**Dataset records:**
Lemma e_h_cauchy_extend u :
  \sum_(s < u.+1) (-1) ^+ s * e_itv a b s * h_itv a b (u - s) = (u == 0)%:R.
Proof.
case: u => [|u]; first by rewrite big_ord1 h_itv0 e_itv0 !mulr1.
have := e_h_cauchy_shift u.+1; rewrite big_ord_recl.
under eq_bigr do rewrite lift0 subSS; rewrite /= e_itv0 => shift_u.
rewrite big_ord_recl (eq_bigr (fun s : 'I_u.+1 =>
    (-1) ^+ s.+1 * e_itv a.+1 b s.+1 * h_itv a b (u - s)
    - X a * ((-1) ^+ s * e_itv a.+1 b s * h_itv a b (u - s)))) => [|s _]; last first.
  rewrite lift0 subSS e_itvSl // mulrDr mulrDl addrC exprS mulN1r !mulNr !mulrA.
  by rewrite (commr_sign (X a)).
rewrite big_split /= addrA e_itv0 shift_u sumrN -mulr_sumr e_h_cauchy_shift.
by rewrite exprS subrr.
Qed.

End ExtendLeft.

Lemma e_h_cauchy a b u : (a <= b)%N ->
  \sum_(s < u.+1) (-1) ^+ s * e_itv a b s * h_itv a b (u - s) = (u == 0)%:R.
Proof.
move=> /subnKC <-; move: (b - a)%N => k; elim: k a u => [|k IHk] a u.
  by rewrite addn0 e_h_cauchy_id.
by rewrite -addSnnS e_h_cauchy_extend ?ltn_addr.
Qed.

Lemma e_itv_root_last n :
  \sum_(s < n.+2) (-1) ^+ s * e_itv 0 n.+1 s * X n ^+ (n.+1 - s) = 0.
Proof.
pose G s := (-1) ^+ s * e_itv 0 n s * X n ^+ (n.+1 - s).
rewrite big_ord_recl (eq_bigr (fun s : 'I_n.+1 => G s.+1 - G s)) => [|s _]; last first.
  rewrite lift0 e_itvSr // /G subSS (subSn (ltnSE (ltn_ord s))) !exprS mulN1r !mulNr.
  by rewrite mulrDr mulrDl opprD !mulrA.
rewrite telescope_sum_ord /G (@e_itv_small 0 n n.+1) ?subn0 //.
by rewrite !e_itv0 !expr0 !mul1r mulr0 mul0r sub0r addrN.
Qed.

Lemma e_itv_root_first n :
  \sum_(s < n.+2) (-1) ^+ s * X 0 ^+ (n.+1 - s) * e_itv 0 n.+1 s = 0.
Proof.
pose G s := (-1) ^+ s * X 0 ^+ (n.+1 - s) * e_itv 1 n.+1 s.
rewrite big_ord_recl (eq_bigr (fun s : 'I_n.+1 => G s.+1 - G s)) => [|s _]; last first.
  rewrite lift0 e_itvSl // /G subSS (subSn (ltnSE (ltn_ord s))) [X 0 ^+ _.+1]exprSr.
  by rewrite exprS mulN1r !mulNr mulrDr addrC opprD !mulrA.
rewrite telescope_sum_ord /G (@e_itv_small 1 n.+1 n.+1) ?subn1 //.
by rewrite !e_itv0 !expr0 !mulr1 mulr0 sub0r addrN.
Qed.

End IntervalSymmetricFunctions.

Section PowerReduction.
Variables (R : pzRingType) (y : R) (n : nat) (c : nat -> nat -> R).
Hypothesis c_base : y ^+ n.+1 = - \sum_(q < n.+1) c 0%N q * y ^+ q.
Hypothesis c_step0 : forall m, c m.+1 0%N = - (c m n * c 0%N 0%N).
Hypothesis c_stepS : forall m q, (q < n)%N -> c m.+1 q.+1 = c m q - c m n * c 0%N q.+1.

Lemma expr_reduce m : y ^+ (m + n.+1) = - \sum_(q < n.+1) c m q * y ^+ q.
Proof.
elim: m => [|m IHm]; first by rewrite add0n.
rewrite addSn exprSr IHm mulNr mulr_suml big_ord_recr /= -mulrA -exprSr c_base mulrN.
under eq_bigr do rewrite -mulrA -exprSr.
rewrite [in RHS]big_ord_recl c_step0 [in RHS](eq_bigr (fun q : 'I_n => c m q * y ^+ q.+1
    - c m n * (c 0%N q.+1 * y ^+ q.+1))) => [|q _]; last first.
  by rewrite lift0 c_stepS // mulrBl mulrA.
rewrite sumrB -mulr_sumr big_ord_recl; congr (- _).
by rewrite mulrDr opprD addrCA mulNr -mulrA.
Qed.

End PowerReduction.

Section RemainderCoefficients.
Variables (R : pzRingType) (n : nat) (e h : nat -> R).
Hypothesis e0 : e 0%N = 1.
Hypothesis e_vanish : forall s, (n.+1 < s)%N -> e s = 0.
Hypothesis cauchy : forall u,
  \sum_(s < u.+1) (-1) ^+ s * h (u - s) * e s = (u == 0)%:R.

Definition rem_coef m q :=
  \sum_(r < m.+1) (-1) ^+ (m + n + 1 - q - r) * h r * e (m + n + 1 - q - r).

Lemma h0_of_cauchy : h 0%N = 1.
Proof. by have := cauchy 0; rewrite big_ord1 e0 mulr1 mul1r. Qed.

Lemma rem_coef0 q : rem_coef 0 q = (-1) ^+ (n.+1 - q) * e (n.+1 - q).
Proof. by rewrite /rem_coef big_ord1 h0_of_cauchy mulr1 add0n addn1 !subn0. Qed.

...

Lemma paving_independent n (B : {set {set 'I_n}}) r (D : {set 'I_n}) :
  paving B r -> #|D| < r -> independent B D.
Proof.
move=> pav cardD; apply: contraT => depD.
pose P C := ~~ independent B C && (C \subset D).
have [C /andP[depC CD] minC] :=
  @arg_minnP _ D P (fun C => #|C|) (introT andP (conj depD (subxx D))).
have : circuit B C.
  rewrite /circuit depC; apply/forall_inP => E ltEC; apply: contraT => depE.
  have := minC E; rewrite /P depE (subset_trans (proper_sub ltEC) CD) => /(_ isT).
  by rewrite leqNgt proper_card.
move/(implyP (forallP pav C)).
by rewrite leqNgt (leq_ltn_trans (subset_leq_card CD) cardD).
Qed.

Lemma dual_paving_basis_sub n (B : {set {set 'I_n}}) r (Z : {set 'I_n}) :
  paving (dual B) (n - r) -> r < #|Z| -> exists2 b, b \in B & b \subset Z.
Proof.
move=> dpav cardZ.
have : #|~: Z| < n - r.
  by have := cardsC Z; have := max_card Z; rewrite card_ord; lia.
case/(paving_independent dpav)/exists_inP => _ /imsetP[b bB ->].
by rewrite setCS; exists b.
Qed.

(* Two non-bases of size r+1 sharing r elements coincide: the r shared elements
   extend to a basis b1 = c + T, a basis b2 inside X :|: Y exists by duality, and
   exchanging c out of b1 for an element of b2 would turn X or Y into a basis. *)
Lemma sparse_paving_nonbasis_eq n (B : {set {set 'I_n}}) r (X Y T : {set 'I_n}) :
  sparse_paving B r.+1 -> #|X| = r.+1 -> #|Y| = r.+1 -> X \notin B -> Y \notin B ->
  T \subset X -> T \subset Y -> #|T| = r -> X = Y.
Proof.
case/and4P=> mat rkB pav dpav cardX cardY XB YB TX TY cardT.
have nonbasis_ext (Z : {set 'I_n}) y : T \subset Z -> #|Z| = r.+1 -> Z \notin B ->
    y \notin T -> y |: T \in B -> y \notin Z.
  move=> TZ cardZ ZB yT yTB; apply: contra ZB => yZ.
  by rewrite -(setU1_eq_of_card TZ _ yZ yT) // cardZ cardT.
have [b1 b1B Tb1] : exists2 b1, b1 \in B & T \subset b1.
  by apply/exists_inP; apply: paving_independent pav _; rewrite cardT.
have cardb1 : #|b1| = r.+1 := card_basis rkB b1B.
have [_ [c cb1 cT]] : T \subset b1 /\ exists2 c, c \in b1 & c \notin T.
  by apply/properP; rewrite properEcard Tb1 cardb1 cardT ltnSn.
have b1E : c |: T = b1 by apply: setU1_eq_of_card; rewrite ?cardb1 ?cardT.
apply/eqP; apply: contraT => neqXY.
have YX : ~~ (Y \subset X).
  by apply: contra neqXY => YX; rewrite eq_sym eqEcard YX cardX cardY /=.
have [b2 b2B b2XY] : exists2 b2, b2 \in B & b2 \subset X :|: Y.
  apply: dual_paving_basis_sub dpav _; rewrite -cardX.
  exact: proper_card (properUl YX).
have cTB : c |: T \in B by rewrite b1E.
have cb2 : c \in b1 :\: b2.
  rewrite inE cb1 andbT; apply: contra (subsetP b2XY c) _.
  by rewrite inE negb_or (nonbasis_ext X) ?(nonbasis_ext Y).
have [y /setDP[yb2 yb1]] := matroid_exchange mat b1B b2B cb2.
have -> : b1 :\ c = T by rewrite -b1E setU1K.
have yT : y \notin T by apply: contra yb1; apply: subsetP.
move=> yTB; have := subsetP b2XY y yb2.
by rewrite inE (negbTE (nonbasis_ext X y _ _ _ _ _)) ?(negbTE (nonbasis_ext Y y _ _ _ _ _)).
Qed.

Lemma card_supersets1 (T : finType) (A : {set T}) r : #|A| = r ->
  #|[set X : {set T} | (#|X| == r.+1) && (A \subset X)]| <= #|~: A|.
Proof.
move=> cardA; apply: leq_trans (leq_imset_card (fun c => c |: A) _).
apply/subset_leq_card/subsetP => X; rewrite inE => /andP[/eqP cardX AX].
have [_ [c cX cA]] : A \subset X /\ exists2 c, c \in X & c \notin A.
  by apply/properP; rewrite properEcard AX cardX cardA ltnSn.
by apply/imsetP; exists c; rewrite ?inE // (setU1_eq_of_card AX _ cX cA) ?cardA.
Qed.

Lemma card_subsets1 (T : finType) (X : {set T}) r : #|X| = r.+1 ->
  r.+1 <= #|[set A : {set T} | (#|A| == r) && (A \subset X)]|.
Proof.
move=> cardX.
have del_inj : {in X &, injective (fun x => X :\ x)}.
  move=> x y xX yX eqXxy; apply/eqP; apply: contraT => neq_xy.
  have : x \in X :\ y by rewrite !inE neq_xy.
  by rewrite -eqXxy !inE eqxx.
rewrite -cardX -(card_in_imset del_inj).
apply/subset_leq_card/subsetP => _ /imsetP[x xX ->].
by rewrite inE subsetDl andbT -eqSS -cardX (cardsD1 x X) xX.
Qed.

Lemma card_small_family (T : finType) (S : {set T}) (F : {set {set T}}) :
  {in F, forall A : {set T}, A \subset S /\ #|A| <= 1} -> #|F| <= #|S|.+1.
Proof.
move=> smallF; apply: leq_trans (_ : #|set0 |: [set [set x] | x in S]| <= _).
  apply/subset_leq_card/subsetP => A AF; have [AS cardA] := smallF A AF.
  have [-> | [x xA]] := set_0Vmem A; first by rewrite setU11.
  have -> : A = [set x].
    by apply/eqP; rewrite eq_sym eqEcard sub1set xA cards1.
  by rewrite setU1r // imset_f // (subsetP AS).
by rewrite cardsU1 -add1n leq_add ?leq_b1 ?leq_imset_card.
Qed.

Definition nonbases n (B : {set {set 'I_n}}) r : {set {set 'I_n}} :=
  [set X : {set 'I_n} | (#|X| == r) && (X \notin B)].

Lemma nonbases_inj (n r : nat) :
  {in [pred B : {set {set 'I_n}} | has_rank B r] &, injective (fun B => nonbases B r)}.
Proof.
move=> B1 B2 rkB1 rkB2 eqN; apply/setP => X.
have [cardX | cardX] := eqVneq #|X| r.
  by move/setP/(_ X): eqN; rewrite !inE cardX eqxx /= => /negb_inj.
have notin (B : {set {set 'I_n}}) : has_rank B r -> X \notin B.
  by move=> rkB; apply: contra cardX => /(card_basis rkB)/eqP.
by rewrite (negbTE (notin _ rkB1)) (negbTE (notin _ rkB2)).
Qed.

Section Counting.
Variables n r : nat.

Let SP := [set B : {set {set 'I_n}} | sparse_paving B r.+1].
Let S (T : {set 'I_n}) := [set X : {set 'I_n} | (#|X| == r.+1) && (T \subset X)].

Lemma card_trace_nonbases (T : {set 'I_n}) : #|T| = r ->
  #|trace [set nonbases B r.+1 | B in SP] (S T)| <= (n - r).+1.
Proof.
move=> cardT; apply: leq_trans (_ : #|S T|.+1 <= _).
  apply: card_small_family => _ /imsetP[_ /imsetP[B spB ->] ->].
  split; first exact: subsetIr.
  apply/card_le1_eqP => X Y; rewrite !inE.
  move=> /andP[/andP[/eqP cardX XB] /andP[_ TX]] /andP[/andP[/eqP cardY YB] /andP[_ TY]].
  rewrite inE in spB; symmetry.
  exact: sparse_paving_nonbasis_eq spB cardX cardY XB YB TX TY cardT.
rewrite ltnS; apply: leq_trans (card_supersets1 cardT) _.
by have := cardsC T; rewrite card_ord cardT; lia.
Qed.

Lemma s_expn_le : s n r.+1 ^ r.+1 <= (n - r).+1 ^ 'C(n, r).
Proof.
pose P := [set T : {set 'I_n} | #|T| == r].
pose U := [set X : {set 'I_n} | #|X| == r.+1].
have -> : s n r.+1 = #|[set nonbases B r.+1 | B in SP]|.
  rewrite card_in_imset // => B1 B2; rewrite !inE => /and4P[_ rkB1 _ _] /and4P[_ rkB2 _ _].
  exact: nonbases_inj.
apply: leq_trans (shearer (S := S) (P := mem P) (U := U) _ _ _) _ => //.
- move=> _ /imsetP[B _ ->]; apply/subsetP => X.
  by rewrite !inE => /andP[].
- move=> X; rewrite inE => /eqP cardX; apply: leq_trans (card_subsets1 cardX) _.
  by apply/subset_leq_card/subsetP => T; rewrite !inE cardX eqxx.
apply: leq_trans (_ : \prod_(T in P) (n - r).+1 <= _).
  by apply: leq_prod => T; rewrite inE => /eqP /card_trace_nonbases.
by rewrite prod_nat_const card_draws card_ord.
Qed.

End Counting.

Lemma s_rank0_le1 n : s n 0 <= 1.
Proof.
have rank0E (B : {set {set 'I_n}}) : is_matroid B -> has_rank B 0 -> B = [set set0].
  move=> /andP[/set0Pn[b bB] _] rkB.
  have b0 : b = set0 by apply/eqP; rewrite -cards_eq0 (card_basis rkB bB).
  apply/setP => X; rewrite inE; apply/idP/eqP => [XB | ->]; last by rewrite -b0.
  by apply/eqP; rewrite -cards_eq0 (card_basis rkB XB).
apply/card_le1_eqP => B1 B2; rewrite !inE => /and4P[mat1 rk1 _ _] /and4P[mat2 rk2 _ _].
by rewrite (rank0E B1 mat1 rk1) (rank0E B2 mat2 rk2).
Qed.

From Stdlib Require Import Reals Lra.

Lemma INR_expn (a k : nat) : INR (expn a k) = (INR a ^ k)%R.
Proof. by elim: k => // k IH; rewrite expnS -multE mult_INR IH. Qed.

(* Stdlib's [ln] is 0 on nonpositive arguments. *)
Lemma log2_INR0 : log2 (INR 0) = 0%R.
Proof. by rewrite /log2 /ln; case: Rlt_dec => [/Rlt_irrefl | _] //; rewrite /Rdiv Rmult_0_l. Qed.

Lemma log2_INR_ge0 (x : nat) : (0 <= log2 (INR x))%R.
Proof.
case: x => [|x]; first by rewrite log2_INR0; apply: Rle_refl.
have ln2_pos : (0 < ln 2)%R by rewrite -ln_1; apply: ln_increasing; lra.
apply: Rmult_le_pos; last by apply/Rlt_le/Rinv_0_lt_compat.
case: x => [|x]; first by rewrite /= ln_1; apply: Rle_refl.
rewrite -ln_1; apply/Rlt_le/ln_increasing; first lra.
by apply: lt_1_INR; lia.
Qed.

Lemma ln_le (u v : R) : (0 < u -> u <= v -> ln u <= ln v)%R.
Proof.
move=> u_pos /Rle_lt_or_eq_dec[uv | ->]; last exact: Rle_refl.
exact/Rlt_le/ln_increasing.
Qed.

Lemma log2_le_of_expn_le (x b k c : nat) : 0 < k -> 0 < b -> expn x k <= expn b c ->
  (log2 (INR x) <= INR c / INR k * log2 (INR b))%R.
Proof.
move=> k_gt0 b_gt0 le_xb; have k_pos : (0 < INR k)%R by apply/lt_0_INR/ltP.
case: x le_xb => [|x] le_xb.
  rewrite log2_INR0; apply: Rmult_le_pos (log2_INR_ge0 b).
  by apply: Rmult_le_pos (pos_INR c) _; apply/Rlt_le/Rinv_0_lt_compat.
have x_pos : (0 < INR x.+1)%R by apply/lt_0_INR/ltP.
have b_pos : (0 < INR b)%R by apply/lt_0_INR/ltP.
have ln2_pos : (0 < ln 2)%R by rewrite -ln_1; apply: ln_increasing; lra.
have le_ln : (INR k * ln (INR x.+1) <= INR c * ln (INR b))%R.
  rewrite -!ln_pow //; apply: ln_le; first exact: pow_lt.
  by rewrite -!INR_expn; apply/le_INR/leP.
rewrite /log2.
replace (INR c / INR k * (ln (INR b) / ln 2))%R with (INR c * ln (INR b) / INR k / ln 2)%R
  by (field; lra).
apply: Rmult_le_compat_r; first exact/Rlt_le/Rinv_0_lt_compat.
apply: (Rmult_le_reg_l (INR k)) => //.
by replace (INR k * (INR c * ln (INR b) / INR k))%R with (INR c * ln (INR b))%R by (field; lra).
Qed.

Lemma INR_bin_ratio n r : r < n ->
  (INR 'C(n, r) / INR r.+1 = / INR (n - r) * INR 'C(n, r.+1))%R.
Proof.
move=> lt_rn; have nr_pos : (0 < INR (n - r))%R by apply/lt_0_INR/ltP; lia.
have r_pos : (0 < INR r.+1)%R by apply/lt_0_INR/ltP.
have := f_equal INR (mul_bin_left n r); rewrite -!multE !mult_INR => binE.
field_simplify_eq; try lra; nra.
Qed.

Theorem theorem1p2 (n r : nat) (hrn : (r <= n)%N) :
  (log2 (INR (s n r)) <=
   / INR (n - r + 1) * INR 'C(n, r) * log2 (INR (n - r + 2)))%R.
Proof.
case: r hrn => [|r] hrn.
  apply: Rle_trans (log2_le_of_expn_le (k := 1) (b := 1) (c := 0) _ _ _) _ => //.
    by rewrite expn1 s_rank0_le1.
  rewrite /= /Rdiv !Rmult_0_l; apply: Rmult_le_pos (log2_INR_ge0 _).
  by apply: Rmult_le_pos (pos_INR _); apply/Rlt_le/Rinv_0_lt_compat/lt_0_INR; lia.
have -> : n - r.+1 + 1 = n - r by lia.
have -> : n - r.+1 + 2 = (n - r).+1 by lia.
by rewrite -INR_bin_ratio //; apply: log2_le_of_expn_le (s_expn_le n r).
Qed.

**Work to be completed:** Above are the entries; copy out every line among them that contains the word "mulNr".

**Exercise answer:**
  rewrite lift0 subSS e_itvSl // mulrDr mulrDl addrC exprS mulN1r !mulNr !mulrA.
  rewrite lift0 e_itvSr // /G subSS (subSn (ltnSE (ltn_ord s))) !exprS mulN1r !mulNr.
  by rewrite exprS mulN1r !mulNr mulrDr addrC opprD !mulrA.
rewrite addSn exprSr IHm mulNr mulr_suml big_ord_recr /= -mulrA -exprSr c_base mulrN.
by rewrite mulrDr opprD addrCA mulNr -mulrA.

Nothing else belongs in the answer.